Не случайно одним из двух голосов, из которых сплетается диалогическая ткань стихотворения, становится первое послание «К Чаадаеву». Согласно пушкинскому мифу 1930-х гг., это юношеское стихотворение -наиболее полное и последовательное выражение пушкинских революционных идей, в котором видели призывы к насильственному, террористическому ниспровержению существующего строя. Миф о «советском Пушкине» приводит к тому, что финальные строки послания «К Чаадаеву» начинают восприниматься как одно из непосредственно сбывшихся пушкинских пророчеств17. «Политический смысл» послания однозначно трактуется как «уничтожение "самовластья"»18. Даже датировка стихотворения, которое на основании текстологических данных было отнесено Б.В. Томашевским к 1818 г., в советской пушкинистике последовательно оспаривалась из политических соображений: «Поскольку в политике не декабристы шли за Пушкиным, а Пушкин за декабристами, постольку и революционное по своему характеру послание "К Чаадаеву" не могло появиться раньше начала 1820 года»19. Интересно, что на этом же основании в дореволюционной пушкинистике послание приписывалось К.Ф. Рылееву20. Именно это стихотворение заняло центральное место в изучении пушкинской лирики в советской школе, причем если финал стихотворения трактовался как прямой революционный призыв, то первый его катрен предлагалось рассматривать как окончательный отказ от интимной лирики в пользу гражданской.

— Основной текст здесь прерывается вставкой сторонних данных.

(* c is the conjugation morphism: codomain component of the unique morphism
   from  x --<0,1>--> x*x <==pi1,<1,1>==> x  to the generic split extension *)
Definition is_conjugation {x gx sx : C} (k : hom x sx) (p1 : hom sx gx)
    (i : hom gx sx) (c : hom x gx) : Prop :=
  exists (p : C) (q1 q2 : hom p x), is_product q1 q2 /\
  exists (d01 dd : hom x p) (v : hom p sx),
    is_zero_mor (q1 ∘ d01) /\ q2 ∘ d01 = idm x /\
    q1 ∘ dd = idm x /\ q2 ∘ dd = idm x /\
    v ∘ d01 = k /\ p1 ∘ v = c ∘ q1 /\ v ∘ dd = i ∘ c.

Definition commutes {b y x : C} (g : hom b x) (f : hom y x) : Prop :=
  exists (p : C) (pb : hom p b) (py : hom p y), is_product pb py /\
  exists (phi : hom p x) (l : hom b p) (r : hom y p),
    pb ∘ l = idm b /\ is_zero_mor (py ∘ l) /\
    is_zero_mor (pb ∘ r) /\ py ∘ r = idm y /\
    phi ∘ l = g /\ phi ∘ r = f.

Definition is_center {z x : C} (g : hom z x) : Prop :=
  commutes g (idm x) /\
  forall b (h : hom b x), commutes h (idm x) -> exists! t : hom b z, g ∘ t = h.

Definition trivial_center (x : C) : Prop :=
  exists (z : C) (g : hom z x), is_zero z /\ is_center g.

Definition is_protosplit_mono {s y : C} (m : hom s y) : Prop :=
  exists (b : C) (alpha : hom y b) (beta : hom b y),
    alpha ∘ beta = idm b /\ is_kernel m alpha.

Definition strong_complete (x : C) : Prop :=
  forall y (m : hom x y), is_protosplit_mono m -> exists! r : hom y x, r ∘ m = idm x.

Definition jointly_monic {r y : C} (r1 r2 : hom r y) : Prop :=
  forall z (f g : hom z r), r1 ∘ f = r1 ∘ g -> r2 ∘ f = r2 ∘ g -> f = g.

Definition is_equiv_rel {r y : C} (r1 r2 : hom r y) : Prop :=
  jointly_monic r1 r2 /\
  (exists d : hom y r, r1 ∘ d = idm y /\ r2 ∘ d = idm y) /\
  (exists s : hom r r, r1 ∘ s = r2 /\ r2 ∘ s = r1) /\
  (forall p (q1 q2 : hom p r), is_pullback r2 r1 q1 q2 ->
     exists t : hom p r, r1 ∘ t = r1 ∘ q1 /\ r2 ∘ t = r2 ∘ q2).

Definition is_bourn_normal {s y : C} (m : hom s y) : Prop :=
  is_mono m /\
  exists (r : C) (r1 r2 : hom r y), is_equiv_rel r1 r2 /\
  exists (p : C) (p1 p2 : hom p s), is_product p1 p2 /\
  exists mt : hom p r,
    r1 ∘ mt = m ∘ p1 /\ r2 ∘ mt = m ∘ p2 /\ is_pullback r1 m mt p1.

Definition is_characteristic_mono {s x : C} (u : hom s x) : Prop :=
  forall y (n : hom x y), is_bourn_normal n -> is_bourn_normal (n ∘ u).

End CatDefs.

Definition pointed (C : Cat) : Prop := exists z : C, is_zero z.

Definition has_finite_limits (C : Cat) : Prop :=
  (exists t : C, is_terminal t) /\
  forall (a b c : C) (f : hom a c) (g : hom b c),
    exists (p : C) (pa : hom p a) (pb : hom p b), is_pullback f g pa pb.

(* split short five lemma *)
Definition protomodular (C : Cat) : Prop :=
  forall (x a b x' a' b' : C) (kappa : hom x a) (alpha : hom a b) (beta : hom b a)
    (kappa' : hom x' a') (alpha' : hom a' b') (beta' : hom b' a')
    (u : hom x x') (v : hom a a') (w : hom b b'),
    is_split_ext kappa alpha beta -> is_split_ext kappa' alpha' beta' ->
    v ∘ kappa = kappa' ∘ u -> alpha' ∘ v = w ∘ alpha -> v ∘ beta = beta' ∘ w ->
    is_iso u -> is_iso w -> is_iso v.

From Stdlib Require Import ClassicalEpsilon.

(* (1) => (2).  The identity is Bourn-normal, so a characteristic [c] is mono.  A morphism
   [h] into [X] commutes with [1_X] exactly when [c ∘ h = 0], so the center of [X] is the
   kernel of [c], hence trivial.  For a protosplit [m : [X] -> Y], [m ∘ c] is Bourn-normal to
   a relation [S] on [Y] whose first projection splits with kernel [X]; the codomain component
   of the comparison of this split extension with the generic one retracts [m].  Any other
   retraction [r] is a codomain component too, since [c] being mono lets [r ∘ s2] lift the
   extension into the generic one, so the retraction is unique.

   (2) => (1).  A trivial center makes the kernel of [c] trivial, so [c] is mono by
   protomodularity.  Strong-completeness makes [[X] -> [X] × [X] ⇄ [X]] generic.  With
   [mu : [X] ⋉ X -> [X]] restricting to [c] and [1], the mono [c] is Bourn-normal to the
   equivalence relation [(p1, mu)].  A Bourn-normal [n : [X] -> Y] splits, again by
   strong-completeness, and [n ∘ c] is normal to the intersection of the relation of [n]
   with the inverse image of [(p1, mu)] along the splitting. *)

Section CategoryTheory.
Context {C : Cat}.

Lemma pullback_ext {a b c p q : C} {f : hom a c} {g : hom b c} {pa : hom p a} {pb : hom p b}
  (H : is_pullback f g pa pb) (x y : hom q p) :
  pa ∘ x = pa ∘ y -> pb ∘ x = pb ∘ y -> x = y.
Proof.
  intros Ea Eb. destruct H as [Hsq Huniv].
  assert (Hx : f ∘ (pa ∘ x) = g ∘ (pb ∘ x)) by (rewrite !comp_assoc, Hsq; reflexivity).
  destruct (Huniv q _ _ Hx) as [h [_ Hh]].
  transitivity h; [symmetry|]; apply Hh; auto.
Qed.

Lemma pullback_factor {a b c p q : C} {f : hom a c} {g : hom b c} {pa : hom p a}
  {pb : hom p b} (H : is_pullback f g pa pb) (qa : hom q a) (qb : hom q b) :
  f ∘ qa = g ∘ qb -> exists h, pa ∘ h = qa /\ pb ∘ h = qb.
Proof. intros E. destruct (proj2 H q qa qb E) as [h [Hh _]]. eauto. Qed.

Lemma pullback_precomp_iso {a b c p p' : C} {f : hom a c} {g : hom b c} {pa : hom p a}
  {pb : hom p b} (u : hom p' p) :
  is_pullback f g pa pb -> is_iso u -> is_pullback f g (pa ∘ u) (pb ∘ u).
Proof.
  intros H [u' [U1 U2]]. split.
  - rewrite !comp_assoc, (proj1 H). reflexivity.
  - intros q qa qb E. destruct (pullback_factor H qa qb E) as [h [Ha Hb]].
    exists (u' ∘ h). split.
    + rewrite <- !comp_assoc, (comp_assoc u u' h), U2, comp_idl. auto.
    + intros h' [Ha' Hb'].
      assert (Eh : u ∘ h' = h) by (apply (pullback_ext H); rewrite comp_assoc; congruence).
      rewrite <- Eh, comp_assoc, U1, comp_idl. reflexivity.
Qed.

Lemma product_ext {a b p q : C} {pa : hom p a} {pb : hom p b}
  (H : is_product pa pb) (x y : hom q p) :
  pa ∘ x = pa ∘ y -> pb ∘ x = pb ∘ y -> x = y.
Proof.
  intros Ea Eb. destruct (H q (pa ∘ x) (pb ∘ x)) as [h [_ Hh]].
  transitivity h; [symmetry|]; apply Hh; auto.
Qed.

Lemma product_factor {a b p q : C} {pa : hom p a} {pb : hom p b}
  (H : is_product pa pb) (qa : hom q a) (qb : hom q b) :
  exists h, pa ∘ h = qa /\ pb ∘ h = qb.
Proof. destruct (H q qa qb) as [h [Hh _]]. eauto. Qed.

Lemma product_swap {a b p : C} {pa : hom p a} {pb : hom p b} :
  is_product pa pb -> is_product pb pa.
Proof.
  intros H q qb qa. destruct (H q qa qb) as [h [[H1 H2] Hu]].
  exists h. split; [auto|]. intros h' [H1' H2']. apply Hu. auto.
Qed.

Definition is_joint_pullback {a b y z p : C} (f1 : hom a y) (f2 : hom a z)
    (g1 : hom b y) (g2 : hom b z) (pa : hom p a) (pb : hom p b) : Prop :=
  f1 ∘ pa = g1 ∘ pb /\ f2 ∘ pa = g2 ∘ pb /\
  forall q (qa : hom q a) (qb : hom q b), f1 ∘ qa = g1 ∘ qb -> f2 ∘ qa = g2 ∘ qb ->
    exists! h : hom q p, pa ∘ h = qa /\ pb ∘ h = qb.

Section JointPullback.
Context {a b y z p : C} {f1 : hom a y} {f2 : hom a z} {g1 : hom b y} {g2 : hom b z}
  {pa : hom p a} {pb : hom p b} (H : is_joint_pullback f1 f2 g1 g2 pa pb).

Lemma joint_pullback_ext {q : C} (x x' : hom q p) :
  pa ∘ x = pa ∘ x' -> pb ∘ x = pb ∘ x' -> x = x'.
Proof.
  intros Ea Eb. destruct H as [H1 [H2 Huniv]].
  assert (E1 : f1 ∘ (pa ∘ x) = g1 ∘ (pb ∘ x)) by (rewrite !comp_assoc, H1; reflexivity).
  assert (E2 : f2 ∘ (pa ∘ x) = g2 ∘ (pb ∘ x)) by (rewrite !comp_assoc, H2; reflexivity).
  destruct (Huniv q _ _ E1 E2) as [h [_ Hh]].
  transitivity h; [symmetry|]; apply Hh; auto.
Qed.

Lemma joint_pullback_factor {q : C} (qa : hom q a) (qb : hom q b) :
  f1 ∘ qa = g1 ∘ qb -> f2 ∘ qa = g2 ∘ qb -> exists h, pa ∘ h = qa /\ pb ∘ h = qb.
Proof. intros E1 E2. destruct (proj2 (proj2 H) q qa qb E1 E2) as [h [Hh _]]. eauto. Qed.

End JointPullback.

Lemma joint_pullback_mono {a b y p : C} {f1 f2 : hom a y} {g1 g2 : hom b y}
  {pa : hom p a} {pb : hom p b} :
  is_joint_pullback f1 f2 g1 g2 pa pb -> jointly_monic g1 g2 -> is_mono pa.
Proof.
  intros H Hjm q x x' E. apply (joint_pullback_ext H); [exact E|]. destruct H as [H1 [H2 _]].
  apply Hjm; rewrite !comp_assoc; [rewrite <- H1 | rewrite <- H2]; rewrite <- !comp_assoc, E;
    reflexivity.
Qed.

Lemma retraction_mono {a b : C} (f : hom a b) (g : hom b a) : g ∘ f = idm a -> is_mono f.
Proof.
  intros E q x y H.
  rewrite <- (comp_idl x), <- (comp_idl y), <- E, <- !comp_assoc, H. reflexivity.
Qed.

Lemma mono_comp {a b c : C} (f : hom b c) (g : hom a b) :
  is_mono f -> is_mono g -> is_mono (f ∘ g).
Proof. intros Hf Hg q x y E. apply Hg, Hf. rewrite !comp_assoc. exact E. Qed.

Lemma mono_cancel {a b c : C} (f : hom b c) (g : hom a b) : is_mono (f ∘ g) -> is_mono g.
Proof. intros H q x y E. apply H. rewrite <- !comp_assoc, E. reflexivity. Qed.

Definition is_split_ext_morphism {x a b a' b' : C} (kap : hom x a) (al : hom a b)
    (be : hom b a) (kap' : hom x a') (al' : hom a' b') (be' : hom b' a')
    (v : hom a a') (w : hom b b') : Prop :=
  v ∘ kap = kap' /\ al' ∘ v = w ∘ al /\ v ∘ be = be' ∘ w.

Lemma split_ext_morphism_comp {x a b a' b' a'' b'' : C} {kap : hom x a} {al : hom a b}
  {be : hom b a} {kap' : hom x a'} {al' : hom a' b'} {be' : hom b' a'} {kap'' : hom x a''}
  {al'' : hom a'' b''} {be'' : hom b'' a''} {v : hom a a'} {w : hom b b'} {v' : hom a' a''}
  {w' : hom b' b''} :
  is_split_ext_morphism kap al be kap' al' be' v w ->
  is_split_ext_morphism kap' al' be' kap'' al'' be'' v' w' ->
  is_split_ext_morphism kap al be kap'' al'' be'' (v' ∘ v) (w' ∘ w).
Proof.
  intros [V1 [V2 V3]] [V1' [V2' V3']]. split; [|split].
  - rewrite <- comp_assoc, V1. exact V1'.
  - rewrite comp_assoc, V2', <- comp_assoc, V2, comp_assoc. reflexivity.
  - rewrite <- comp_assoc, V3, comp_assoc, V3', comp_assoc. reflexivity.
Qed.

Section Generic.
Context {x gx sx : C} {k : hom x sx} {p : hom sx gx} {i : hom gx sx}
  (Hgen : is_generic_split_ext k p i).

Lemma generic_map_exists {a b : C} {kap : hom x a} {al : hom a b} {be : hom b a} :
  is_split_ext kap al be -> exists v w, is_split_ext_morphism kap al be k p i v w.
Proof.
  intros Hs. destruct (proj2 Hgen _ _ _ _ _ Hs) as [[v w] [Hvw _]]. exists v, w. exact Hvw.
Qed.

Lemma generic_map_unique {a b : C} {kap : hom x a} {al : hom a b} {be : hom b a}
  (v v' : hom a sx) (w w' : hom b gx) :
  is_split_ext kap al be ->
  is_split_ext_morphism kap al be k p i v w ->
  is_split_ext_morphism kap al be k p i v' w' -> w = w'.
Proof.
  intros Hs Hvw Hvw'. destruct (proj2 Hgen _ _ _ _ _ Hs) as [vw [_ Hu]].
  pose proof (Hu (v, w) Hvw) as E. rewrite (Hu (v', w') Hvw') in E.
  injection E. auto.
Qed.

Lemma generic_endomorphism_id (v : hom sx sx) (w : hom gx gx) :
  is_split_ext_morphism k p i k p i v w -> w = idm gx.
Proof.
  intros Hvw. apply (generic_map_unique v (idm sx) w (idm gx) (proj1 Hgen) Hvw).
  split; [|split]; rewrite ?comp_idl, ?comp_idr; reflexivity.
Qed.

End Generic.

(* Verbatim the tail of [is_bourn_normal], so that the two unfold into each other. *)
Definition normal_to {s y r : C} (m : hom s y) (r1 r2 : hom r y) : Prop :=
  exists (p : C) (p1 p2 : hom p s), is_product p1 p2 /\
  exists mt : hom p r, r1 ∘ mt = m ∘ p1 /\ r2 ∘ mt = m ∘ p2 /\ is_pullback r1 m mt p1.

Context {Z0 : C} (HZ : is_zero Z0).

Definition to_zero (a : C) : hom a Z0 :=
  proj1_sig (constructive_indefinite_description _ (proj2 (HZ a))).
Definition from_zero (a : C) : hom Z0 a :=
  proj1_sig (constructive_indefinite_description _ (proj1 (HZ a))).
Definition zero_mor (a b : C) : hom a b := from_zero b ∘ to_zero a.
Notation "0m" := (zero_mor _ _).

Lemma to_zero_unique {a : C} (f g : hom a Z0) : f = g.
Proof. destruct (proj2 (HZ a)) as [h [_ Hh]]. rewrite <- (Hh f I), <- (Hh g I). reflexivity. Qed.

Lemma from_zero_unique {a : C} (f g : hom Z0 a) : f = g.
Proof. destruct (proj1 (HZ a)) as [h [_ Hh]]. rewrite <- (Hh f I), <- (Hh g I). reflexivity. Qed.

Lemma zero_mor_iff {a b : C} (f : hom a b) : is_zero_mor f <-> f = 0m.
Proof.
  split.
  - intros [z [Hz [u [v ->]]]]. unfold zero_mor.
    assert (Ev : v = from_zero b ∘ to_zero z).
    { destruct (proj1 (Hz b)) as [h [_ Hh]]. rewrite <- (Hh v I). apply Hh. exact I. }
    rewrite Ev, <- comp_assoc. f_equal. apply to_zero_unique.
  - intros ->. exists Z0. split; [exact HZ|]. exists (to_zero a), (from_zero b). reflexivity.
Qed.

Lemma zero_mor_compl {a b c : C} (f : hom a b) : 0m ∘ f = zero_mor a c.
Proof. unfold zero_mor. rewrite <- comp_assoc. f_equal. apply to_zero_unique. Qed.

Lemma zero_mor_compr {a b c : C} (f : hom b c) : f ∘ 0m = zero_mor a c.
Proof. unfold zero_mor. rewrite comp_assoc. f_equal. apply from_zero_unique. Qed.

Ltac zsimpl := repeat (rewrite <- comp_assoc || rewrite comp_idl || rewrite comp_idr
  || rewrite zero_mor_compl || rewrite zero_mor_compr).

Lemma kernel_zero {k a b : C} {kk : hom k a} {f : hom a b} :
  is_kernel kk f -> f ∘ kk = 0m.
Proof. intros [H _]. apply zero_mor_iff, H. Qed.

Lemma kernel_factor {k a b q : C} {kk : hom k a} {f : hom a b} (g : hom q a) :
  is_kernel kk f -> f ∘ g = 0m -> exists h, kk ∘ h = g.
Proof.
  intros [_ H] E. destruct (H q g) as [h [Hh _]]; [apply zero_mor_iff, E|]. eauto.
Qed.

Lemma kernel_mono {k a b : C} {kk : hom k a} {f : hom a b} :
  is_kernel kk f -> is_mono kk.
Proof.
  intros Hk q x y E.
  assert (Z : is_zero_mor (f ∘ (kk ∘ x))).
  { apply zero_mor_iff. rewrite comp_assoc, (kernel_zero Hk). zsimpl. reflexivity. }
  destruct (proj2 Hk q _ Z) as [h [_ Hu]].
  transitivity h; [symmetry|]; apply Hu; auto.
Qed.
(* Let $\eta>0$, $\beta\in[0,1)$ and $\lambda_i$ with $\eta\lambda_i>0$. Define ${\mathcal{M}}_i:\mathbb{S}^2\to\mathbb{S}^2$ by ${\mathcal{M}}_i({\bm{X}}):={\bm{A}}_i{\bm{X}}{\bm{A}}_i^\top+\eta^2\lambda_i^2({\bm{X}})_{11}{\bm{Q}}$, where ${\bm{A}}_i=\begin{bmatrix}1-\eta\lambda_i&-\beta\\ \eta\lambda_i&\beta\end{bmatrix}$ and ${\bm{Q}}=\begin{bmatrix}1&-1\\-1&1\end{bmatrix}$. Then: (a) $\rho({\mathcal{M}}_i)<1$ if and only if $\eta\lambda_i<1-\beta^2$; (b) if $\eta\lambda_i<1-\beta^2$, then $\mathrm{Id}-{\mathcal{M}}_i$ is invertible and $(\mathrm{Id}-{\mathcal{M}}_i)^{-1}(\mathbb{S}^2_+)\subseteq\mathbb{S}^2_+$; (c) if $\eta\lambda_i<1-\beta^2$, then ${\bm{Y}}_i:=(\mathrm{Id}-{\mathcal{M}}_i)^{-1}{\bm{Q}}\in\mathbb{S}^2_+$ and $\gamma_i:=({\bm{Y}}_i)_{11}=\dfrac{1+\beta}{2\eta\lambda_i(1-\beta^2-\eta\lambda_i)}$.
   Context: $\mathbb{S}^2$ denotes the space of real symmetric $2\times2$ matrices and $\mathbb{S}^2_+$ the cone of positive semidefinite ones; $\rho(\cdot)$ denotes spectral radius and $\mathrm{Id}$ the identity map. *)

From HB Require Import structures.
From mathcomp Require Import all_boot all_order all_algebra.
From mathcomp Require Import classical_sets reals.
From mathcomp Require Import complex.
Set Implicit Arguments. Unset Strict Implicit. Unset Printing Implicit Defensive.
Import Order.TTheory GRing.Theory Num.Theory.
Local Open Scope ring_scope.
Local Open Scope classical_set_scope.

Section Defs.
Variable R : realType.

Definition spectral_radius n (A : 'M[R]_n) : R :=
  sup [set Normc.normc z | z in [set z : R[i] |
         root (char_poly (map_mx (fun x : R => x%:C%C) A)) z]].
(* Let spacetime be Minkowski spacetime. Let $x^\mu(\tau)$ be the worldline of an arbitrarily accelerated observer with proper time $\tau$, let $e_{(0)}{}^\mu(\tau)=dx^\mu/d\tau$ be its 4-velocity and let $e_{(i)}(\tau)$, $i=1,2,3$, be its (possibly rotating) orthonormal spatial triad along the worldline. Extend this tetrad to a reference frame $e_a(\bar x^\mu)$ by parallel transporting (with respect to the Levi-Civita connection) the observer's tetrad $e_a(\tau)$ to all neighboring points of the spacelike hyperplane orthogonal to $e_{(0)}(\tau)$, for each $\tau$; here $\bar x^\mu$ are the observer's local coordinates. If $e_a(\bar x^\mu)$ is taken as the teleparallel frame, then the gravitational energy-momentum density $t^{\mu a}$ vanishes (on the region where this frame is defined).
   Context: Signature $(+,-,-,-)$. A tetrad (frame) $e_a=e_a{}^\mu\partial_\mu$ with coframe $\theta^a=e^a{}_\mu dx^\mu$ satisfies $g_{\mu\nu}=\eta_{ab}e^a{}_\mu e^b{}_\nu$; Latin (tangent) indices are raised/lowered with $\eta_{ab}$, Greek ones with $g_{\mu\nu}$, and indices are converted between the two types with the tetrad. Taking $e_a$ as the teleparallel frame means the (Weitzenböck) torsion is $T^a{}_{\mu\nu}=\partial_\mu e^a{}_\nu-\partial_\nu e^a{}_\mu$. Define $T_a=T^b{}_{ba}$, the superpotential $\Sigma^{\lambda\mu\nu}=\tfrac14\big(T^{\lambda\mu\nu}+T^{\mu\lambda\nu}-T^{\nu\lambda\mu}\big)+\tfrac12\big(g^{\lambda\nu}T^{\mu}-g^{\lambda\mu}T^{\nu}\big)$, the torsion scalar $T=\Sigma^{abc}T_{abc}$, and the gravitational energy-momentum density $t^{\mu a}=k\big(4\Sigma^{bc\mu}T_{bc}{}^{a}-e^{a\mu}T\big)$ with $k=1/(16\pi)$. *)

From HB Require Import structures.
From mathcomp Require Import all_boot all_order all_algebra.
From mathcomp Require Import all_classical all_reals all_analysis.
Set Implicit Arguments. Unset Strict Implicit. Unset Printing Implicit Defensive.
Import Order.TTheory GRing.Theory Num.Theory.
Import numFieldNormedType.Exports.
Local Open Scope ring_scope.

Section Teleparallel.
Variable R : realType.
Local Notation V4 := 'rV[R]_4.
Local Notation M4 := 'M[R]_4.

(* Minkowski metric, signature (+,-,-,-); index 0 is time.  eta^{ab} = eta_{ab}. *)
Definition etaM (a b : 'I_4) : R :=
  if a == b then (if a == ord0 then 1 else -1) else 0.

Definition mink (u v : V4) : R := \sum_(m < 4) etaM m m * u 0 m * v 0 m.

(* unit vector along coordinate m; derive f x (coord_dir m) = partial_m f (x) *)
Definition coord_dir (m : 'I_4) : V4 := delta_mx 0 m.

(* ---------- Teleparallel quantities of a frame field given in coordinates.
   F x a mu = e_a^mu (x)  (rows = tangent index a, columns = coordinate index mu). *)
Section Frame.
Variable F : V4 -> M4.

(* coframe: cof x a mu = e^a_mu, the dual basis: sum_mu e^a_mu e_b^mu = delta^a_b *)
Definition cof (x : V4) : M4 := (invmx (F x))^T.

Definition gmet (x : V4) : M4 :=
  \matrix_(m, n) \sum_(a < 4) \sum_(b < 4) etaM a b * cof x a m * cof x b n.
Definition ginv (x : V4) : M4 := invmx (gmet x).

Definition torsion (x : V4) (a m n : 'I_4) : R :=
  derive (fun y => cof y a n) x (coord_dir m) - derive (fun y => cof y a m) x (coord_dir n).

Definition torG (x : V4) (r m n : 'I_4) : R :=
  \sum_(a < 4) F x a r * torsion x a m n.
Definition torL (x : V4) (r m n : 'I_4) : R :=
  \sum_(s < 4) gmet x r s * torG x s m n.
Definition torU (x : V4) (l m n : 'I_4) : R :=
  \sum_(p < 4) \sum_(q < 4) ginv x m p * ginv x n q * torG x l p q.
Definition torvL (x : V4) (n : 'I_4) : R := \sum_(r < 4) torG x r r n.
Definition torvU (x : V4) (m : 'I_4) : R := \sum_(n < 4) ginv x m n * torvL x n.

Definition superpot (x : V4) (l m n : 'I_4) : R :=
  4^-1 * (torU x l m n + torU x m l n - torU x n l m)
  + 2^-1 * (ginv x l n * torvU x m - ginv x l m * torvU x n).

Столкновение с пушкинским стихотворением, описанное Давидом Самойловым, сложно назвать непосредственной читательской реакцией: перед нами текст, звучащий по радио, которое в этом контексте оказывается посредником и знаком государственного присвоения Пушкина. На сайте «Старое радио» сохранилось несколько довоенных записей чтения «К Чаадаеву», в том числе Яхонтова, Царева, Качалова. При всем различии их актерских интерпретаций (Качалов, например, воспроизводит текст настолько далеко от оригинала, что его чтение скорее можно назвать свободной вариацией на тему пушкинского текста) можно отметить одну общую тенденцию: первая строфа отчетливо противопоставляется в чтении последующим и отделяется от них длительной паузой. Самойловское же стихотворение композиционно представляет собой аналог ленты Мебиуса, изгибами которой являются как раз начальные строки пушкинского

стихотворения. То, что было у Пушкина «стартовой площадкой» произведения, связывающей его с жанровой традицией дружеского послания, оказывается у Самойлова повторяющимся итогом. Подлинное узнавание Пушкина происходит в не предполагавшемся им контексте:

И вдруг бомбежка. Мессершмитты Мы бросились в кювет. Убиты Фугаской грязный мальчуган И старец грозный, величавый. «Любви, надежды, тихой славы Недолго тешил нас обман»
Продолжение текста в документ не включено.